The wisdom of reverse-engineering Nature has frequently been questioned. The skepti-
cism was not totally unfounded. One of the best-known attempts to imitate Nature was
Leonardo da Vinci's idea of designing a flying machine by imitating how a bird flies (33).
As the history of technology transpires, all designs based on flapping wings failed.
However, the argument against this particular example had an inherent flaw. A closer look
at the history of science and technology reveals a sufficient number of successful examples
of imitating Nature to warrant a second thought. It is important to remind ourselves that
even the case of flying machines could be reinterpreted to favor reverse engineering, if one
examines the case from a different angle.

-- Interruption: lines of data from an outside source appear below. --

Lemma cidem_below_finite : well_founded cidem_lt ->
  forall x, cidem x -> exists l : seq S, forall z, cidem z -> z * x = z -> z \in l.
Proof.
move=> wf_lt x; elim/(well_founded_ind wf_lt): x => x IH cx.
case: (classic (exists y, cidem_lt y x /\ y <> 0)) => [[y [y_lt_x y_neq0]]|atom].
  have [cy [_ [yx _]]] := y_lt_x.
  have xy : x * y = y by rewrite (cidem_comm cx (cidemR cy)).
  have cw : cidem (x - y).
    have -> : x - y = x * (u - y) by rewrite mulrBr mulR1 ?xy //; apply: cidemR.
    by apply: cidemM => //; apply: cidemC.
  have w_lt_x : cidem_lt (x - y) x.
    split=> //; split=> //; split; first by rewrite mulrBl cidem_idem // yx.
    move=> xyx; apply: y_neq0; apply: oppr_inj; apply: (@addrI _ x).
    by rewrite xyx oppr0 addr0.
  have [ly below_y] := IH y y_lt_x cy.
  have [lw below_w] := IH (x - y) w_lt_x cw.
  exists [seq a + b | a <- ly, b <- lw] => z cz zx.
  have -> : z = z * y + z * (x - y) by rewrite mulrBr zx addrC subrK.
  apply: allpairs_f.
  - by apply: below_y; [apply: cidemM | rewrite -mulrA cidem_idem].
  - by apply: below_w; [apply: cidemM | rewrite -mulrA cidem_idem].
exists [:: 0; x] => z cz zx; case: (z =P 0) => [->|z_neq0]; first exact: mem_head.
case: (z =P x) => [->|z_neq_x]; first by rewrite !inE eqxx orbT.
by case: atom; exists z.
Qed.

Lemma cidem_finite_of_wf :
  well_founded cidem_lt -> exists l : seq S, forall z, cidem z -> z \in l.
Proof.
move=> wf_lt; have [l below_u] := cidem_below_finite wf_lt cidem1.
by exists l => z cz; apply: below_u => //; apply/mulR1/cidemR.
Qed.

Lemma block_decomposable_cidem_finite :
  block_decomposable R -> exists l : seq S, forall z, cidem z -> z \in l.
Proof.
move=> [u' [idR' [cs [prim_cs sum_cs]]]].
exists (subset_sums cs) => z cz; have Rz := cidemR cz.
have -> : z = \sum_(c <- cs) z * c.
  by rewrite -mulr_sumr -sum_cs (identity_unique idR' idR) mulR1.
apply: sum_mem_subset_sums => c /prim_cs[cc [_ prim_c]]; have Rc := cidemR cc.
have split_c : c = z * c + c * (u - z).
  by rewrite mulrBr mulR1 // (cidem_comm cc Rz) addrC subrK.
have orth : z * c * (c * (u - z)) = 0.
  rewrite -mulrA [c * (c * _)]mulrA cidem_idem // mulrBr mulR1 //.
  by rewrite (cidem_comm cc Rz) mulrBr mulrA cidem_idem // subrr.
case: (prim_c _ _ (cidemM cz cc) (cidemM cc (cidemC cz)) orth split_c) => [|c_cz0].
  by left.
by right; rewrite {2}split_c c_cz0 addr0.
Qed.

Lemma join_closed_upper_bound (E P : S -> Prop) p0 :
  well_founded (fun x y => cidem_lt y x) ->
  (forall e, E e -> cidem e) -> (forall p, P p -> cidem p) -> P p0 ->
  (forall e p, E e -> P p -> P (join e p)) ->
  exists2 m, P m & forall e, E e -> e * m = e.
Proof.
move=> wf_gt cE cP Pp0 joinP; have [m [Pm maximal]] := wf_minimal wf_gt Pp0.
exists m => // e Ee; have ce := cE e Ee; have cm := cP m Pm.
have join_em : join e m = m.
  apply: NNPP => neq; apply: (maximal (join e m)); last exact: joinP.
  do 2!split=> //; first exact: cidem_join.
  by split; [exact: cidem_mul_joinr | exact: nesym].
by rewrite -join_em cidem_mul_joinl.
Qed.

End CentralIdempotents.

Section EpsilonStrongGrading.
Variables (G : groupType) (S : pzRingType) (Sg : G -> S -> Prop).
Hypothesis Sg_eps : epsilon_strong Sg.
Local Notation Se := (Sg 1%g).

Lemma Sg_addsubgroup g : addsubgroup (Sg g).
Proof. by case: Sg_eps => [[addSg _] _]. Qed.

Lemma Sg0 g : Sg g 0.
Proof. by case: (Sg_addsubgroup g). Qed.

Lemma SgN g x : Sg g x -> Sg g (- x).
Proof. by case: (Sg_addsubgroup g) => Sg0g SgB /(SgB _ _ Sg0g); rewrite sub0r. Qed.

Lemma SgD g x y : Sg g x -> Sg g y -> Sg g (x + y).
Proof.
by case: (Sg_addsubgroup g) => _ SgB Sgx /SgN /(SgB _ _ Sgx); rewrite opprK.
Qed.

Lemma SgM g h x y : Sg g x -> Sg h y -> Sg (g * h)%g (x * y).
Proof. by case: Sg_eps => [[_ [SgM _]] _]; apply: SgM. Qed.

Lemma SeMl g x y : Se x -> Sg g y -> Sg g (x * y).
Proof. by rewrite -{2}[g]mul1g; apply: SgM. Qed.

Lemma SgMr g x y : Sg g x -> Se y -> Sg g (x * y).
Proof. by rewrite -{2}[g]mulg1; apply: SgM. Qed.

Lemma SeM x y : Se x -> Se y -> Se (x * y).
Proof. exact: SeMl. Qed.

Lemma prodset_Sg g h x : prodset (Sg g) (Sg h) x -> Sg (g * h)%g x.
Proof. by move: x; apply: prodset_ind; [apply: Sg0 | apply: SgD | apply: SgM]. Qed.

Lemma Sg_sub_triple_product g x :
  Sg g x -> prodset (prodset (Sg g) (Sg g^-1)) (Sg g) x.
Proof. by case: Sg_eps => _ /(_ g) [/(_ x) []]. Qed.

Lemma exists_eps g : exists e, is_eps Sg g e.
Proof. by case: Sg_eps => _ /(_ g) []. Qed.

Section Eps.
Variables (g : G) (e : S).
Hypothesis eps_e : is_eps Sg g e.

Lemma eps_Se : Se e.
Proof. by case: eps_e => /prodset_Sg; rewrite mulgV. Qed.

Lemma eps_mull x : Sg g x -> e * x = x.
Proof.
move/Sg_sub_triple_product; move: x; apply: prodset_ind => [|x y ex ey|p c Pp _].
- by rewrite mulr0.
- by rewrite mulrDr ex ey.
- by rewrite mulrA (proj1 (proj2 eps_e p Pp)).
Qed.

Lemma eps_mulr x : Sg g^-1 x -> x * e = x.
Proof.
move/Sg_sub_triple_product; rewrite invgK; move: x.
apply: prodset_ind => [|x y xe ye|p c + Sc]; first by rewrite mul0r.
  by rewrite mulrDl xe ye.
move: p; apply: prodset_ind => [|x y xe ye|a b _ Sb]; first by rewrite !mul0r.
  by rewrite !mulrDl xe ye.
by rewrite -!mulrA [b * (c * e)]mulrA (proj2 (proj2 eps_e _ (prodset_mul Sb Sc))).
Qed.

Lemma eps_cidem : central_idempotent_of Se e.
Proof.
have Pe := proj1 eps_e; split; first exact: eps_Se.
split; last exact: (proj1 (proj2 eps_e e Pe)).
move=> r Se_r.
have -> : e * r = e * r * e.
  by rewrite (proj2 (proj2 eps_e _ (prodsetMr (fun b Sb => SgMr Sb Se_r) Pe))).
by rewrite -mulrA (proj1 (proj2 eps_e _ (prodsetMl (fun a Sa => SeMl Se_r Sa) Pe))).
Qed.

End Eps.

Lemma Se_identity : exists u, is_identity_of Se u.
Proof.
have [u eps1] := exists_eps 1%g; exists u; split; first exact: eps_Se eps1.
move=> x Se_x; split; first exact: eps_mull eps1 _ Se_x.
by apply: (eps_mulr eps1); rewrite invg1.
Qed.

Lemma finite_join_of_eps_cidem x :
  finite_join_of_eps Sg x -> central_idempotent_of Se x.
Proof.
have [u idSe] := Se_identity; move=> [l [_ [l_eps ->]]].
apply: (cidem_foldr_join (Sg_addsubgroup 1) SeM idSe) => e /l_eps [g].
exact: eps_cidem.
Qed.

Lemma epsilon_finite_of_cidem_finite :
  (exists l : seq S, forall z, central_idempotent_of Se z -> z \in l) ->
  epsilon_finite Sg.
Proof.
move=> [l cidem_l]; split=> //; exists l => x join_x.
exact/cidem_l/finite_join_of_eps_cidem.
Qed.

End EpsilonStrongGrading.

Section InducedGrading.
Variables (G : groupType) (S : pzRingType) (Sg : G -> S -> Prop).
Hypothesis Sg_eps : epsilon_strong Sg.
Variable N : G -> Prop.
Hypothesis N_normal : normal_subgroup N.
Local Notation Se := (Sg 1%g).
Local Notation SC := (induced_component Sg N).

Let N1 : N 1%g. Proof. by case: N_normal. Qed.
Let NV x : N x -> N x^-1.
Proof. by case: N_normal => _ [NMV _] Nx; rewrite -[x^-1%g]mul1g; apply: NMV. Qed.
Let NM x y : N x -> N y -> N (x * y)%g.
Proof. by case: N_normal => _ [NMV _] Nx /NV; rewrite -{2}[y]invgK; apply: NMV. Qed.
Let NJ g n : N n -> N (g^-1 * n * g)%g.
Proof. by case: N_normal => _ [_]; apply. Qed.

Lemma induced_component0 g : SC g 0.
Proof. by exists [::]; rewrite big_nil. Qed.

Lemma induced_componentD g x y : SC g x -> SC g y -> SC g (x + y).
Proof.
move=> [l1 [l1_in ->]] [l2 [l2_in ->]]; exists (l1 ++ l2); rewrite big_cat.
by split=> // p; rewrite mem_cat => /orP[]; [apply: l1_in | apply: l2_in].
Qed.

Lemma induced_component_Sg g h x : N (g^-1 * h)%g -> Sg h x -> SC g x.
Proof.
move=> Nh Sx; exists [:: (h, x)]; rewrite big_seq1.
by split=> // p; rewrite mem_seq1 => /eqP ->.
Qed.

Lemma induced_componentM g1 g2 x y :
  SC g1 x -> SC g2 y -> SC (g1 * g2)%g (x * y).
Proof.
move=> [l1 [l1_in ->]] [l2 [l2_in ->]]; rewrite mulr_suml big_seq.
apply: big_ind => [|x1 x2|p /l1_in [Np Sp]];
  [exact: induced_component0 | exact: induced_componentD |].
rewrite mulr_sumr big_seq.
apply: big_ind => [|y1 y2|q /l2_in [Nq Sq]];
  [exact: induced_component0 | exact: induced_componentD |].
apply: (@induced_component_Sg _ (p.1 * q.1)%g); last exact: SgM.
have -> : ((g1 * g2)^-1 * (p.1 * q.1) =
           (g2^-1 * (g1^-1 * p.1) * g2) * (g2^-1 * q.1))%g.
  by rewrite invgM -!mulgA mulVKg.
by apply: NM => //; apply: NJ.
Qed.

Lemma prodset_induced_component g h x :
  prodset (SC g) (SC h) x -> SC (g * h)%g x.
Proof.
move: x; apply: prodset_ind; [exact: induced_component0 | exact: induced_componentD |].
exact: induced_componentM.
Qed.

Indeed, an important aspect of aircraft designs was a consequence of imitating Nature.
Most, if not all, aircrafts, which glide in mid-air, have a wing profile similar to that of a
bird: the curvature of the top surface is greater than that of the bottom surface, thus giv-
ing rise to a longer path of air flow on the top than on the bottom surface. It is well known
that such a feature gives rise to a force of floatation (lifting) in air (Bernoulli principle). The
departure from a “verbatim” imitation of birds was reflected in completely different
designs of the propulsion mechanism. Birds use wings for both floatation and propulsion
whereas using the wings for propulsion is ill conceived because moving parts, made of
conventional materials, are usually the first to break. But then who said that both the
propulsion and the floatation mechanisms must be implemented with a single device?

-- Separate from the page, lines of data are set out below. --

Lemma coprime_count_self_ge (R : realType) (b t : nat) : (0 < b)%N -> (b <= t)%N ->
  b%:R * ln (2 : R) <= (coprime_count b b)%:R * (ln 2 + ln t%:R).
Proof.
move=> b0 bt; rewrite coprime_count_self //.
have h1 := coprime_density_ge R b0; have h2 := omega_mul_ln2_le R b0 bt.
have L0 : 0 < ln (2 : R) by rewrite ln_gt0 // ltr1n.
have /andP[p0 _] := coprime_density_itv R b.
rewrite natrD in h1; move: h1 h2 L0 p0 (ler0n R b).
move: (coprime_density R b) ((size (primes b))%:R : R) (ln (2 : R)) (ln (t%:R : R)) (b%:R : R).
move=> P k L lt B h1 h2 L0 p0 hb.
have : B * L <= B * (P * (1 + k) * L).
  by apply: ler_wpM2l => //; rewrite -[X in X <= _]mul1r; apply: ler_wpM2r; lra.
have : B * P * (k * L) <= B * P * lt by apply: ler_wpM2l => //; apply: mulr_ge0.
by nra.
Qed.

Lemma edge_width_ge (b t : nat) : (0 < b)%N -> (b <= t)%N -> (t <= 2 * edge_width t b)%N.
Proof.
move=> b0 bt; have := ltn_ceil t b0; have : (1 <= t %/ b)%N by rewrite leq_divRL // mul1n.
by rewrite /edge_width mulSn; nia.
Qed.
(* There is an absolute constant $C>0$ such that the following holds for every positive integer $n$. Let $N\ge \mathrm{tw}_8(Cn^3)$ and let $\phi:[N]^{(2)}\to\mathbb{R}$. Then there exist $S\subset[N]$ with $|S|=n$ and a function $\sigma:S^{(2)}\to\mathbb{R}$ such that $\sigma\sim\phi$ on $S$ (i.e. $\sigma\sim\phi|_{S^{(2)}}$) and $\sigma$ is exponentially separated.
   Context: $[N]=\{1,\dots,N\}$ with its natural order. For an ordered set $A$, $A^{(k)}=\{(a_1,\dots,a_k)\in A^k:a_1<\dots<a_k\}$. The tower function: $\mathrm{tw}_1(x)=x$, $\mathrm{tw}_k(x)=2^{\mathrm{tw}_{k-1}(x)}$. For functions $\phi,\phi':A^{(2)}\to\mathbb{R}$, write $\phi\sim\phi'$ if there exist $\rho_1,\rho_2:A\to\mathbb{R}$ with $\phi(a,b)=\phi'(a,b)-\rho_1(a)-\rho_2(b)$ for all $(a,b)\in A^{(2)}$. A function $\phi:B\to\mathbb{R}$ on a finite set $B$ is exponentially separated if either $\phi(b)\ge0$ for all $b\in B$ or $\phi(b)\le 0$ for all $b\in B$, and for any two distinct $b,b'\in B$ we have $|\phi(b)|\ge 2|\phi(b')|$ or $|\phi(b')|\ge 2|\phi(b)|$. *)

From HB Require Import structures.
From mathcomp Require Import all_boot all_order all_algebra.
From mathcomp Require Import reals.
Set Implicit Arguments. Unset Strict Implicit. Unset Printing Implicit Defensive.
Import Order.TTheory GRing.Theory Num.Theory.
Local Open Scope ring_scope.

(* Tower function: tw 1 x = x, tw (k+1) x = 2 ^ (tw k x). *)
Definition tw (k x : nat) : nat := iter k.-1 (fun y => (2 ^ y)%N) x.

Human ingenuity allowed past inventers to see through this superficial and imagined
restriction by seeking separate devices for floatation and propulsion. The obvious lesson
to learn is that imitation need not be performed at a superficial or “verbatim” level but
rather at a deeper, more fundamental level of principles. To be able to do so requires some
basic understanding. This is why basic research is important for technological endeavors.